Updated: Oct 11, 2021


King Eadwig died

By UnknownUnknown author [Public domain], via Wikimedia Commons
King Eadwig

Eadwig, also spelled Edwy sometimes called the All-Fair, was King of England from 955 until his premature death aged about 19.

He was the elder son of King Edmund I & his Queen Ælfgifu of Shaftesbury. Eadwig became King in 955 aged 15 following the death of his uncle Eadred.

Eadwig's short reign was tarnished by disputes with nobles & men of the church, including Archbishops Dunstan & Oda. He died in 959, having ruled less than four years. He was buried in the capital Winchester. His brother Edgar the Peaceful succeeded him.

Eadwig is known for his remarkable generosity in giving away land. In 956 alone, his sixty odd gifts of land make up around 5% of all genuine Anglo-Saxon charters. No known ruler in Europe matched that yearly total before the twelfth century, & his cessions are plausibly attributed to political insecurity.

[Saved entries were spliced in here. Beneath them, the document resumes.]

Lemma vpoly_root S j : j \in S -> root (vpoly S) (a j).
Proof.
by move=> jS; apply/rootP; rewrite horner_prod (bigD1 j) //= hornerXsubC subrr mul0r.
Qed.

Lemma vpoly_dvd S f : injective a -> {in S, forall j, root f (a j)} ->
  exists g, f = g * vpoly S.
Proof.
move=> inj_a fS; rewrite /vpoly -big_enum -(big_map a predT (fun x => 'X - x%:P)).
apply: uniq_roots_prod_XsubC; last by rewrite uniq_rootsE map_inj_uniq ?enum_uniq.
by apply/allP=> x /mapP[j]; rewrite mem_enum => /fS ? ->.
Qed.

Lemma vanishing_gap_polyP S : injective a -> (3 <= #|S|)%N ->
  (exists f, [/\ f != 0, gap_poly #|S| f & {in S, forall j, root f (a j)}]) <->
  sigma a 2 S ^+ 2 - sigma a 1 S * sigma a 3 S = 0.
Proof.
move=> inj_a S_ge3.
have c1 : (vpoly S)`_(#|S| - 1) = - sigma a 1 S.
  by rewrite coef_vpoly; [ring | apply: leq_trans S_ge3].
have c2 : (vpoly S)`_(#|S| - 2) = sigma a 2 S.
  by rewrite coef_vpoly; [ring | apply: ltnW].
have c3 : (vpoly S)`_(#|S| - 3) = - sigma a 3 S by rewrite coef_vpoly //; ring.
move: c1 c2 c3; move: (sigma a 1 S) (sigma a 2 S) (sigma a 3 S) => s1 s2 s3 c1 c2 c3.
set k := #|S| in S_ge3 c1 c2 c3 *.
have [k1 k2] : (k - 1 = (k - 2).+1)%N /\ (k - 2 = (k - 3).+1)%N by lia.
have coefM1 (g : {poly F}) : (size g <= 2)%N ->
    (g * vpoly S)`_(k - 1) = g`_0 * - s1 + g`_1 * s2.
  by move=> g2; rewrite k1 coefM_size2 // -k1 c1 c2.
have coefM2 (g : {poly F}) : (size g <= 2)%N ->
    (g * vpoly S)`_(k - 2) = g`_0 * s2 + g`_1 * - s3.
  by move=> g2; rewrite k2 coefM_size2 // -k2 c2 c3.
transitivity (exists x y : F,
    [/\ (x, y) != (0, 0), x * - s1 + y * s2 = 0 & x * s2 + y * - s3 = 0]); last first.
  rewrite nontrivial_solution2P mulrNN expr2.
  by split=> [-> | /eqP]; [rewrite subrr | rewrite subr_eq0 => /eqP].
split=> [[f [f0 /and3P[f_size /eqP f_k2 /eqP f_k1] fS]] | [x [y [xy0 E1 E2]]]].
  have [g fg] := vpoly_dvd inj_a fS.
  have g0 : g != 0 by apply: contraNneq f0 => g0; rewrite fg g0 mul0r.
  have g2 : (size g <= 2)%N.
    move: f_size; rewrite fg size_Mmonic ?vpoly_monic // size_vpoly.
    by rewrite addnS -addn2 addnC leq_add2l.
  exists g`_0, g`_1; split; first by rewrite xpair_eqE -size2_poly_eq0.
    by rewrite -coefM1 // -fg.
  by rewrite -coefM2 // -fg.
pose g := Poly [:: x; y].
have g2 : (size g <= 2)%N := size_Poly _.
have g0 : g != 0 by rewrite size2_poly_eq0 // !coef_Poly -xpair_eqE.
exists (g * vpoly S); split.
- exact: mulf_neq0 g0 (monic_neq0 (vpoly_monic S)).
- apply/and3P; split; last by rewrite coefM1 // !coef_Poly E1.
    by rewrite size_Mmonic ?vpoly_monic // size_vpoly addnS -addn2 addnC leq_add2l.
  by rewrite coefM2 // !coef_Poly E2.
- by move=> j jS; rewrite rootM vpoly_root ?orbT.
Qed.

End VanishingPoly.

Definition zero_set (F : fieldType) (n : nat) (c : 'rV[F]_n) : {set 'I_n} :=
  [set j | c 0 j == 0].

Lemma wtE (F : fieldType) (n : nat) (c : 'rV[F]_n) : wt c = (n - #|zero_set c|)%N.
Proof.
have -> : wt c = #|~: zero_set c| by apply: eq_card => j; rewrite !inE.
by rewrite cardsCs setCK card_ord.
Qed.

Section LinearCode.
Variables (F : finFieldType) (m n : nat) (G : 'M[F]_(m, n)).

Lemma min_dist_le_wt c : (c <= G)%MS -> c != 0 -> (min_dist G <= wt c)%N.
Proof.
move=> cG c0; rewrite /min_dist; have : c \in index_enum _ := mem_index_enum c.
elim: (index_enum _) => [//|c' r IH]; rewrite inE big_cons => /predU1P[<- | /IH le_r].
  by rewrite cG c0 geq_minl.
by case: ifP => // _; rewrite geq_min le_r orbT.
Qed.

Lemma min_dist_leqSn : (min_dist G <= n.+1)%N.
Proof.
apply: (big_ind (fun d => d <= n.+1)%N) => // [d d' dn _ | c _].
  by rewrite geq_min dn.
by rewrite ltnW // ltnS -{2}[n]card_ord max_card.
Qed.

Lemma leq_min_dist d : (d <= n.+1)%N ->
  (forall c, (c <= G)%MS -> c != 0 -> (d <= wt c)%N) -> (d <= min_dist G)%N.
Proof.
move=> dn d_wt; apply: (big_ind (fun x => d <= x)%N) => // [x y dx dy | c /andP[]].
  by rewrite leq_min dx dy.
exact: d_wt.
Qed.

By AnonymousUnknown author [Public domain], via Wikimedia Commons
A charter created during the reign of Eadwig dated 956


Edgar the Peaceful becomes king of all England

By UnknownUnknown author [Public domain], via Wikimedia Commons
Detail of miniature from the New Minster Charter, 966, showing King Edgar

Edgar born c. 943, known as the Peaceful or the Peaceable, was the King of England from 959 until his death.

He was the younger son of Edmund I & Ælfgifu of Shaftesbury, & came to the throne as a teenager, following the death of his older brother Eadwig.

As king, Edgar further consolidated the political unity achieved by his predecessors, with his reign being noted for its relative stability.

His most trusted advisor was Dunstan, whom he recalled from exile & made Archbishop of Canterbury. The pinnacle of Edgar's reign was his coronation at Bath in 973, which was organised by Dunstan & forms the basis for the current coronation ceremony.

  • Edgar was crowned at Bath & along with his wife Ælfthryth was anointed, setting a precedent for a coronation of a queen in England itself.

After his death on 8 July 975, he was succeeded by his son Edward the Martyr, although the succession was disputed.



King Henry III was born

Henry was born on 1 October 1207 in Winchester.

He was the son of king John & his second wife Isabella of Angoulême. Henry was nine when his father died & he became king. Though the country was ruled by a series of regencies until 1234, when Henry took over. Problems began as early as 1237, when his barons objected to the influence of Henry's Savoyard relatives. The marriage arranged in 1238 between Henry's sister & English nobleman Simon de Montfort only made relationship between Henry & his leading nobles worse.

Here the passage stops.